Debating Ideas is a new section that aims to reflect the values and editorial ethos of the African Arguments book series, publishing engaged, often radical, scholarship, original and activist writing from within the African continent and beyond. It will offer debates and engagements, contexts and controversies, and reviews and responses flowing from the African Arguments books.
‘Nobody knows anything’ the Hollywood screenwriter William Goldman once proclaimed – illuminating his own industry to the unspoken taboo and uncomfortable truth that expertise is in the eye of the beholder.
This is the closest analogy we find to the global Covid-19 pandemic and how it is dealing with notions of expertise. Among the myriad of things this pandemic is bringing to light is how we must re-evaluate the old tropes of scientific expertise – particularly in global health. The novel coronavirus is a precursor to disastrous days ahead as governments and populations make decisions in order to prevent thousands of potential deaths and buffer societies to the economic dominoes that are currently falling one by one.
Speaking at the government’s daily coronavirus briefing on the 26 March, the UK’s deputy Chief Medical Officer, Jenny Harries, when asked why the UK was not following the WHO’s recommendations for combatting the pandemic virus, said ‘We need to realise that the clue with the WHO is in its title – it’s a World Health Organization. And it is addressing all countries across the world, with entirely different health infrastructures…. We have an extremely well-developed public health system in this country.’
Suggesting that the WHO’s recommendations were, essentially, for ‘other’ countries, and the fact that the UK’s developed country status and healthcare exceptionalism makes it immune to pressures of following public health measures from other experts. Ignoring a global pool of expertise that has already shown to be effective in saving lives, not just for this pandemic, but previous epidemics over the years.
One common thread to each national response is decision-making based on the available evidence wherever they may find it. The WHO, often the easy target of chagrin when global health events of this magnitude hit (see also The Campaign Against Tedros Adhanom: Objective or Ideological?), has largely risen to the challenge, ensuring that the lessons learnt from one country are at least available for the next country to learn from, and hopefully avoid untold numbers of cases and deaths. Their daily press briefings since the start of the outbreak have been a masterclass in public health communications messaging – being technically exact and using precise urgent language. This is a unique role only the WHO can fulfil.
Countries that once prided themselves as being cathedrals to scientific expertise have been shown to struggle to stem the tide of the virus transmission. At the time of writing, the UK and US stand above other countries in not only their unique approaches to responding to the virus, but also in cases and resulting deaths from the virus.
Global health expertise in the ‘Global North’ has always been an abundant commodity that was exported – writ large – to the rest of the world, to those ‘other’ countries. Global decisions get made in Geneva, Seattle, Washington DC, and London by global health actors whose financial resources arguably outmatch local expertise. (Spoiler alert: I too am guilty of this.)
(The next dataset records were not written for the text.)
(* Let $\boldsymbol\mu>\mathbf 0$, assume every matrix in $\mathcal Z(\boldsymbol\mu)$ is irreducible, and assume $\mathcal Z(\boldsymbol\mu)$ is a primitive set. For the iteration started from an arbitrary $\mathbf p^{(0)}>\mathbf 0$ — namely $y_i^{(k)}=\max_{k_i\in\mathcal K_i}\big(\mathbf e_i^T-\mathbf a_i^{k_i}(\boldsymbol\mu)\big)\mathbf p^{(k)}$, $\beta^{(k)}=\min_i p_i^{(k)}/y_i^{(k)}$, $\mathbf p^{(k+1)}=\mathbf y^{(k)}/\|\mathbf y^{(k)}\|$ — the sequence $\beta^{(k)}$ converges to $\beta^*=1/\max_{\mathbf Z\in\mathcal Z(\boldsymbol\mu)}\lambda(\mathbf Z)$, and $\mathbf p^{(k)}$ converges to a vector $\mathbf p^*$ such that $\lim_{\alpha\to\infty}\Gamma(\alpha\mathbf p^* )=\beta^*\boldsymbol\mu$.
   Context: Multicast system: $N$ transmitters $T_1,\dots,T_N$; transmitter $T_i$ has $K_i\geq1$ receivers $R_i^{k}$, $k\in\mathcal K_i=\{1,\dots,K_i\}$. Channel gains $g_{r_i^{k},t_j}\geq 0$ (from $T_j$ to $R_i^k$) with $g_{r_i^{k},t_i}>0$; noise variance $\sigma^2>0$. SINR: $\gamma_i^{k}(\mathbf p)=\frac{g_{r_i^{k},t_i}p_i}{\sum_{j\neq i}g_{r_i^{k},t_j}p_j+\sigma^2}$, $\gamma_i(\mathbf p)=\min_{k\in\mathcal K_i}\gamma_i^k(\mathbf p)$, $\Gamma(\mathbf p)=(\gamma_1(\mathbf p),\dots,\gamma_N(\mathbf p))$. For $\boldsymbol\mu\in\mathbb R^N$, $\mathbf a_i^{k}(\boldsymbol\mu)\in\mathbb R^{1\times N}$ is the row vector with $i$-th entry $1$ and $j$-th entry $-\mu_i g_{r_i^{k},t_j}/g_{r_i^{k},t_i}$ for $j\neq i$. $\mathcal G(\boldsymbol\mu)$ is the set of $N\times N$ matrices whose $i$-th row is $\mathbf a_i^{k_i}(\boldsymbol\mu)$ for some $k_i\in\mathcal K_i$; $\mathcal Z(\boldsymbol\mu)=\{\mathbf I-\mathbf G:\mathbf G\in\mathcal G(\boldsymbol\mu)\}$. A finite set $\mathcal Z$ of nonnegative $N\times N$ matrices is primitive if there is a positive integer $n$ such that every product of $n$ matrices from $\mathcal Z$ (any order, repetitions allowed) has all entries positive. $\mathbf e_i$ is the $i$-th standard basis vector, $\|\cdot\|$ the Euclidean norm, $\lambda(\cdot)$ the Perron–Frobenius eigenvalue (spectral radius). *)

From Stdlib Require Import Reals List Arith.
Open Scope R_scope.

(* Vectors are functions nat -> R, only indices 0..N-1 matter;
   matrices are functions nat -> nat -> R. *)

Fixpoint sumN (n : nat) (f : nat -> R) : R :=
  match n with O => 0 | S m => sumN m f + f m end.

Fixpoint maxN (n : nat) (f : nat -> R) : R :=
  match n with O => f O | S m => Rmax (maxN m f) (f (S m)) end.
Fixpoint minN (n : nat) (f : nat -> R) : R :=
  match n with O => f O | S m => Rmin (minN m f) (f (S m)) end.
Lemma solution_between k t : tk k < t < tk (S k) -> forall i, (i < n)%nat ->
  x t i = flow n A (tk k) (fun i => mvec n J (x (tk k)) i) t i.
Proof.
  intros Ht i Hi. destruct Hsol as [_ [Hd [_ Hjump]]].
  apply (solution_eq_flow n A x (tk k) (tk (S k))); auto; [specialize (Htk k); lra|].
  intros s Hs; apply (Hd k); auto.
Qed.

Lemma solution_at_impulse k : forall i, (i < n)%nat ->
  x (tk k) i = mvec n (mpow n (mmul n (mexpt n A T) J) k) x0 i.
Proof.
  induction k; intros i Hi.
  - destruct Hsol as [H0 _]. rewrite H0, mvec_idm by auto. reflexivity.
  - destruct Hsol as [_ [_ [Hleft _]]].
    assert (Hab : tk k < tk (S k)) by (specialize (Htk k); lra).
    assert (E : x (tk (S k)) i = flow n A (tk k) (fun i => mvec n J (x (tk k)) i) (tk (S k)) i).
    { apply (single_limit (fun r => x r i) (fun r => tk k < r < tk (S k)) _ _ (tk (S k)));
        [apply adhDa_right; auto | apply Hleft; auto|].
      apply (limit1_in_continuity_pt _
               (fun r => flow n A (tk k) (fun i => mvec n J (x (tk k)) i) r i));
        [|apply flow_continuous; auto].
      intros r Hr. apply (solution_between k); auto. }
    rewrite E. unfold flow. replace (tk (S k) - tk k) with T by (specialize (Htk k); lra).
    simpl (mpow n _ (S k)). rewrite !mvec_mmul.
    apply mvec_ext; auto. intros j Hj. apply mvec_ext; auto.
Qed.

Lemma solution_growth_between k t : tk k <= t < tk (S k) ->
  vnorm n (x t) <= (1 + INR n * INR n * exp (mnorm n A * T) * mnorm n J) * vnorm n (x (tk k)).
Proof.
  intros Ht. pose proof (vnorm_nonneg n (x (tk k))) as Hv.
  assert (HE : 0 <= INR n * INR n * exp (mnorm n A * T) * mnorm n J).
  { pose proof (pos_INR n). pose proof (exp_pos (mnorm n A * T)). pose proof (mnorm_nonneg n J).
    repeat apply Rmult_le_pos; lra. }
  destruct (Req_dec t (tk k)) as [->|ne]; [nra|].
  rewrite (vnorm_ext n _ (flow n A (tk k) (fun i => mvec n J (x (tk k)) i) t))
    by (intros; apply (solution_between k); auto; lra).
  unfold flow. eapply Rle_trans; [apply vnorm_mvec|].
  assert (Hexp : mnorm n (mexpt n A (t - tk k)) <= INR n * INR n * exp (mnorm n A * T)).
  { apply mnorm_le_const; [apply Rlt_le, exp_pos|]. intros i j Hi Hj.
    eapply Rle_trans; [apply mexpt_bound; auto; lra|].
    apply exp_le_compat, Rmult_le_compat_l; [apply mnorm_nonneg|]. specialize (Htk k). lra. }
  pose proof (vnorm_mvec n J (x (tk k))). pose proof (mnorm_nonneg n (mexpt n A (t - tk k))).
  pose proof (vnorm_nonneg n (fun i => mvec n J (x (tk k)) i)).
  apply Rle_trans with (INR n * INR n * exp (mnorm n A * T) * (mnorm n J * vnorm n (x (tk k)))).
  - apply Rle_trans with (INR n * INR n * exp (mnorm n A * T) * vnorm n (fun i => mvec n J (x (tk k)) i));
      [apply Rmult_le_compat_r; auto|].
    apply Rmult_le_compat_l; [|auto]. pose proof (pos_INR n). pose proof (exp_pos (mnorm n A * T)).
    repeat apply Rmult_le_pos; lra.
  - nra.
Qed.

End Solution.

Lemma pow_le_one s k : 0 <= s <= 1 -> s ^ k <= 1.
Proof. intros H. induction k; simpl; [lra|]. assert (0 <= s ^ k) by (apply pow_le; lra). nra. Qed.

Lemma GAS_of_geometric_decay n A J (tk : nat -> R) T C s : 0 < T ->
  (forall k, tk (S k) - tk k = T) -> 0 <= C -> 0 <= s < 1 ->
  (forall x0 x, is_solution n A J tk x0 x ->
     forall k t, tk k <= t < tk (S k) -> vnorm n (x t) <= C * s ^ k * vnorm n x0) ->
  GAS n A J tk.
Proof.
  intros HT Htk HC Hs Hb. pose proof (impulse_times_affine tk T Htk) as F. split.
  - intros eps Heps. exists (eps / (C + 1)). split; [apply Rdiv_lt_0_compat; lra|].
    intros x0 x Hsol Hx0 t Ht. destruct (impulse_interval tk T HT Htk t Ht) as [k Hk].
    eapply Rle_lt_trans; [apply (Hb x0 x Hsol k t Hk)|].
    assert (s ^ k <= 1) by (apply pow_le_one; lra). assert (0 <= s ^ k) by (apply pow_le; lra).
    pose proof (vnorm_nonneg n x0).
    apply Rle_lt_trans with (C * vnorm n x0); [assert (C * s ^ k <= C) by nra; nra|].
    apply Rle_lt_trans with (C * (eps / (C + 1))); [apply Rmult_le_compat_l; lra|].
    apply (Rmult_lt_reg_r (C + 1)); [lra|]. unfold Rdiv.
    replace (C * (eps * / (C + 1)) * (C + 1)) with (C * eps) by (field; lra). nra.
  - intros x0 x Hsol eps Heps. pose proof (vnorm_nonneg n x0) as Hv0.
    set (D := C * vnorm n x0 + 1). assert (HD : 0 < D) by (unfold D; nra).
    destruct (pow_lt_1_zero s ltac:(rewrite Rabs_pos_eq; lra) (eps / D)) as [K HK];
      [apply Rdiv_lt_0_compat; lra|].
    exists (tk K). intros t Ht.
    assert (Ht0 : tk 0%nat <= t) by (rewrite (F K) in Ht; pose proof (pos_INR K); nra).
    destruct (impulse_interval tk T HT Htk t Ht0) as [k Hk].
    assert (HKk : (K <= k)%nat).
    { destruct (Compare_dec.le_lt_dec K k) as [h|h]; auto. exfalso.
      rewrite (F K) in Ht. rewrite (F (S k)) in Hk.
      assert (INR (S k) <= INR K) by (apply le_INR; lia). nra. }
    specialize (HK k HKk). rewrite Rabs_pos_eq in HK by (apply pow_le; lra).
    eapply Rle_lt_trans; [apply (Hb x0 x Hsol k t Hk)|].
    assert (0 <= s ^ k) by (apply pow_le; lra).
    apply Rle_lt_trans with (C * vnorm n x0 * (eps / D)).
    + replace (C * s ^ k * vnorm n x0) with (C * vnorm n x0 * s ^ k) by ring.
      apply Rmult_le_compat_l; nra.
    + apply (Rmult_lt_reg_r D); [lra|]. unfold Rdiv.
      replace (C * vnorm n x0 * (eps * / D) * D) with (C * vnorm n x0 * eps) by (field; lra).
      unfold D. nra.
Qed.

Lemma AS_of_right_contractive n A J T : 0 < T -> nonneg_mat n (mmul n (mexpt n A T) J) ->
  right_contractive n (mmul n (mexpt n A T) J) -> AS_constant_dwell n A J T.
Proof.
  intros HT HQ HR tk Htk.
  destruct (right_contractive_geometric n _ HQ HR) as [s [c [Hs [Hc Hg]]]].
  set (G := 1 + INR n * INR n * exp (mnorm n A * T) * mnorm n J).
  assert (HG : 0 <= G).
  { pose proof (pos_INR n). pose proof (exp_pos (mnorm n A * T)). pose proof (mnorm_nonneg n J).
    assert (0 <= INR n * INR n * exp (mnorm n A * T) * mnorm n J) by (repeat apply Rmult_le_pos; lra).
    unfold G; lra. }
  apply (GAS_of_geometric_decay n A J tk T (G * (INR n * INR n * c)) s); auto.
  - pose proof (pos_INR n). apply Rmult_le_pos; [auto | repeat apply Rmult_le_pos; lra].
  - intros x0 x Hsol k t Ht.
    assert (Hsk : 0 <= s ^ k) by (apply pow_le; lra).
    assert (HQk : mnorm n (mpow n (mmul n (mexpt n A T) J) k) <= INR n * INR n * (c * s ^ k)).
    { apply mnorm_le_const; [apply Rmult_le_pos; auto|]. intros i j Hi Hj.
      rewrite Rabs_pos_eq by (apply mpow_nonneg; auto). auto. }
    assert (Hxk : vnorm n (x (tk k)) <= INR n * INR n * (c * s ^ k) * vnorm n x0).
    { rewrite (vnorm_ext n _ (mvec n (mpow n (mmul n (mexpt n A T) J) k) x0))
        by (intros; apply (solution_at_impulse n A J T tk x0 x); auto).
      eapply Rle_trans; [apply vnorm_mvec|].
      apply Rmult_le_compat_r; [apply vnorm_nonneg | auto]. }
    eapply Rle_trans; [apply (solution_growth_between n A J T tk x0 x HT Htk Hsol k t Ht)|].
    fold G. replace (G * (INR n * INR n * c) * s ^ k * vnorm n x0)
      with (G * (INR n * INR n * (c * s ^ k) * vnorm n x0)) by ring.
    apply Rmult_le_compat_l; auto.
Qed.

(* [- up (- y)] is the largest integer strictly below [y]. *)
Definition impulse_index (T t : R) : nat := Z.to_nat (- up (- (t / T))).

Lemma impulse_index_spec T t k : 0 < T -> INR k * T < t <= INR (S k) * T ->
  impulse_index T t = k.
Proof.
  intros HT Ht. unfold impulse_index.
  assert (Hz : INR k < t / T <= INR k + 1).
  { rewrite S_INR in Ht. split.
    - apply (Rmult_lt_reg_r T); auto. unfold Rdiv. rewrite Rmult_assoc, Rinv_l, Rmult_1_r; lra.
    - apply (Rmult_le_reg_r T); auto. unfold Rdiv. rewrite Rmult_assoc, Rinv_l, Rmult_1_r; lra. }
  rewrite <- (tech_up (- (t / T)) (- Z.of_nat k)); rewrite ?opp_IZR, <- ?INR_IZR_INZ; try lra.
  rewrite Z.opp_involutive. apply Nat2Z.id.
Qed.

(* The solution started from the [j]-th unit vector with impulses at [k T];
   its value at [k T] is the [j]-th column of [(e^(TA) J)^k]. *)
Section ColumnSolution.
Variables (n : nat) (A J : mat) (T : R) (j : nat).
Hypotheses (HT : 0 < T) (Hj : (j < n)%nat).

Let Q := mmul n (mexpt n A T) J.
Let P (k : nat) : vec := fun i => mpow n Q k i j.
Let F (k : nat) : R -> vec := flow n A (INR k * T) (fun i => mvec n J (P k) i).
Let xs (t : R) : vec := if Rle_dec t 0 then P 0%nat else F (impulse_index T t) t.
Let tks (k : nat) : R := INR k * T.

Lemma column_solution_piece k t : INR k * T < t <= INR (S k) * T -> xs t = F k t.
Proof.
  intros Ht. unfold xs. destruct (Rle_dec t 0) as [h|h].
  - exfalso. pose proof (pos_INR k). nra.
  - rewrite (impulse_index_spec T t k); auto.
Qed.

Lemma column_solution_at k i : (i < n)%nat -> xs (tks k) i = P k i.
Proof.
  intros Hi. destruct k as [|k].
  - unfold xs, tks. simpl. destruct (Rle_dec (0 * T) 0); [auto | exfalso; lra].
  - unfold tks. rewrite (column_solution_piece k) by (rewrite S_INR; lra).
    unfold F, flow. replace (INR (S k) * T - INR k * T) with T by (rewrite S_INR; ring).
    rewrite <- mvec_mmul. reflexivity.
Qed.
Lemma column_solution_is_solution : is_solution n A J tks (P 0%nat) xs.
Proof.
  split; [|split; [|split]].
  - intros i Hi. apply column_solution_at; auto.
  - intros k s Hs i Hi. unfold tks in Hs.
    rewrite (column_solution_piece k s) by lra.
    apply (derivable_pt_lim_ext_loc (fun r => F k r i) _ s _ (INR k * T) (INR (S k) * T)); auto.
    + intros r Hr. rewrite (column_solution_piece k r); auto. lra.
    + apply flow_derive; auto.
  - intros k i Hi. unfold tks.
    rewrite (column_solution_piece k (INR (S k) * T)) by (rewrite S_INR; pose proof (pos_INR k); lra).
    apply (limit1_in_continuity_pt _ (fun r => F k r i)); [|apply flow_continuous; auto].
    intros r Hr. rewrite (column_solution_piece k r); auto. lra.
  - intros k i Hi. unfold tks.
    replace (mvec n J (xs (INR k * T)) i) with (F k (INR k * T) i).
    + apply (limit1_in_continuity_pt _ (fun r => F k r i)); [|apply flow_continuous; auto].
      intros r Hr. rewrite (column_solution_piece k r); auto. lra.
    + unfold F. rewrite flow_start by auto. apply mvec_ext; auto.
      intros l Hl. symmetry. apply (column_solution_at k l Hl).
Qed.

Lemma AS_column_cvg0 : AS_constant_dwell n A J T ->
  forall eps, 0 < eps -> exists K, forall k, (K <= k)%nat -> forall i, (i < n)%nat ->
    Rabs (mpow n Q k i j) < eps.
Proof.
  intros HAS eps Heps.
  assert (Htk : forall k, tks (S k) - tks k = T) by (intros; unfold tks; rewrite S_INR; ring).
  destruct (HAS tks Htk) as [_ Hattr].
  destruct (Hattr _ _ column_solution_is_solution eps Heps) as [T0 HT0].
  destruct (archimed (T0 / T)) as [Hup _].
  exists (Z.to_nat (up (T0 / T))). intros k Hk i Hi.
  assert (Hle : T0 <= tks k).
  { unfold tks. destruct (Rle_or_lt T0 0) as [h|h]; [pose proof (pos_INR k); nra|].
    assert (0 < T0 / T) by (apply Rdiv_lt_0_compat; lra).
    assert (IZR (up (T0 / T)) <= INR k).
    { rewrite INR_IZR_INZ. apply IZR_le.
      assert (0 <= up (T0 / T))%Z by (apply le_IZR; lra). lia. }
    assert (T0 / T * T < INR k * T) by (apply Rmult_lt_compat_r; lra).
    unfold Rdiv in *. rewrite Rmult_assoc, Rinv_l, Rmult_1_r in *; lra. }
  eapply Rle_lt_trans; [|apply (HT0 (tks k) Hle)].
  change (mpow n Q k i j) with (P k i). rewrite <- (column_solution_at k i Hi).
  apply (rsum_term_le n (fun i => Rabs (xs (tks k) i)) i); auto. intros; apply Rabs_pos.
Qed.

End ColumnSolution.

Lemma AS_pow_cvg0 n A J T : 0 < T -> AS_constant_dwell n A J T ->
  pow_cvg0 n (mmul n (mexpt n A T) J).
Proof.
  intros HT HAS eps Heps.
  destruct (fin_eventually n (fun j k => forall i, (i < n)%nat ->
              Rabs (mpow n (mmul n (mexpt n A T) J) k i j) < eps)) as [K HK].
  - intros j Hj. apply (AS_column_cvg0 n A J T j HT Hj HAS eps Heps).
  - exists K. intros k i j Hk Hi Hj. apply HK; auto.
Qed.

Lemma AS_constant_dwell_iff n A J T : Metzler n A -> nonneg_mat n J -> 0 < T ->
  AS_constant_dwell n A J T <-> pow_cvg0 n (mmul n J (mexpt n A T)).
Proof.
  intros HA HJ HT.
  assert (HQ : nonneg_mat n (mmul n (mexpt n A T) J))
    by (apply mmul_nonneg; [apply mexpt_Metzler_nonneg; auto; lra | auto]).
  split; intros H.
  - apply pow_cvg0_mmul_comm, AS_pow_cvg0; auto.
  - apply AS_of_right_contractive; auto.
    apply pow_cvg0_right_contractive, pow_cvg0_mmul_comm; auto.
Qed.

(** * Derivatives on a closed interval *)

Lemma limit1_in_ext f g D l x0 : (forall x, D x -> f x = g x) ->
  limit1_in f D l x0 -> limit1_in g D l x0.
Proof.
  intros He H eps Heps. destruct (H eps Heps) as [d [Hd H2]]. exists d; split; auto.
  intros x [Dx Hx]. rewrite <- He by auto. apply H2; auto.
Qed.

Lemma derivable_pt_lim_difference_quotient f tau l (D : R -> Prop) :
  (forall s, D s -> s <> tau) -> derivable_pt_lim f tau l ->
  limit1_in (fun s => (f s - f tau) / (s - tau)) D l tau.
Proof.
  intros HD H eps Heps. destruct (H eps Heps) as [d Hd]. exists d; split; [apply cond_pos|].
  intros s [Ds Hs]. simpl in *. unfold R_dist in *. specialize (HD s Ds).
  specialize (Hd (s - tau) ltac:(lra) Hs). replace (tau + (s - tau)) with s in Hd by ring. auto.
Qed.

Lemma derivable_pt_lim_deriv_on a b f f' :
  (forall tau, a <= tau <= b -> derivable_pt_lim f tau (f' tau)) -> deriv_on a b f f'.
Proof. intros H tau Ht. apply derivable_pt_lim_difference_quotient; [intros s [_ Hs]|]; auto. Qed.

Lemma deriv_on_derivable_pt_lim a b f f' tau : deriv_on a b f f' -> a < tau < b ->
  derivable_pt_lim f tau (f' tau).
Proof.
  intros H Ht eps Heps. destruct (H tau ltac:(lra) eps Heps) as [d [Hd H2]].
  assert (Hd' : 0 < Rmin d (Rmin (tau - a) (b - tau))) by (repeat apply Rmin_pos; lra).
  exists (mkposreal _ Hd'). intros h Hh0 Hh. simpl in Hh.
  pose proof (Rmin_l d (Rmin (tau - a) (b - tau))). pose proof (Rmin_r d (Rmin (tau - a) (b - tau))).
  pose proof (Rmin_l (tau - a) (b - tau)). pose proof (Rmin_r (tau - a) (b - tau)).
  apply Rabs_def2 in Hh as Hh2.
  specialize (H2 (tau + h)). simpl in H2. unfold R_dist in H2.
  replace (tau + h - tau) with h in H2 by ring. apply H2.
  split; [split; [lra | intros E; apply Hh0; lra]|]. replace (tau + h - tau) with h by ring. lra.
Qed.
A recent New York Times (NYT) opinion piece has called for a ‘brain trust’ of the developed world to focus on a coronavirus strategy for the developing world. A brain trust of the same think tanks, news media, universities and non-governmental organizations that have shaped the unbalanced global health debate up until this point. The NYT article largely ignores, either knowingly or unintentionally, the work that has already gone on within African borders. In February, only Senegal and South Africa had the capacity to test for the virus. By the middle of March that number was already at 40 countries. Due, in large part to the Africa CDC and WHO.
This false dichotomy in global health expertise is nothing new. But this pandemic is putting it in a spotlight, and makes it impossible to ignore. This has been a recurring trend, with the ‘decolonise global health’ movement, among others. And no doubt the discussion will continue. What is needed now is a way to re-orientate what we traditionally considered global health expertise and institutionalise this reorientation. Expertise cannot be a black box that is untouched from scrutiny.
Recently, researchers writing in The Lancet have recommended that, to combat the pandemic, the UK will need to implement a national programme of community health workers for the Covid-19 response. A distinctly ‘Global South’ approach, citing how expertise in a coordinated community workforce can provide effective health and social care support at scale, can be gleaned from Brazil, Pakistan, Ethiopia, and other nations. If there was ever a time to be more community minded, it is now.
There are many more lessons to be learnt from a truly global pool of expertise. As the British Prime Minister was telling its elderly population not to worry and not to go on cruises Uganda, for example, had already implemented airport screening for incoming travellers a month earlier– all in the absence of detected cases within its borders. Videos of handwashing stations at bus stations in Rwanda have gone viral.
The lessons are there to be learnt from other countries for those willing to learn them. In a post-Covid-19 world, this will change, for no other reason than it needs to. The virus is also a precursor for a new world to emerge on the other side.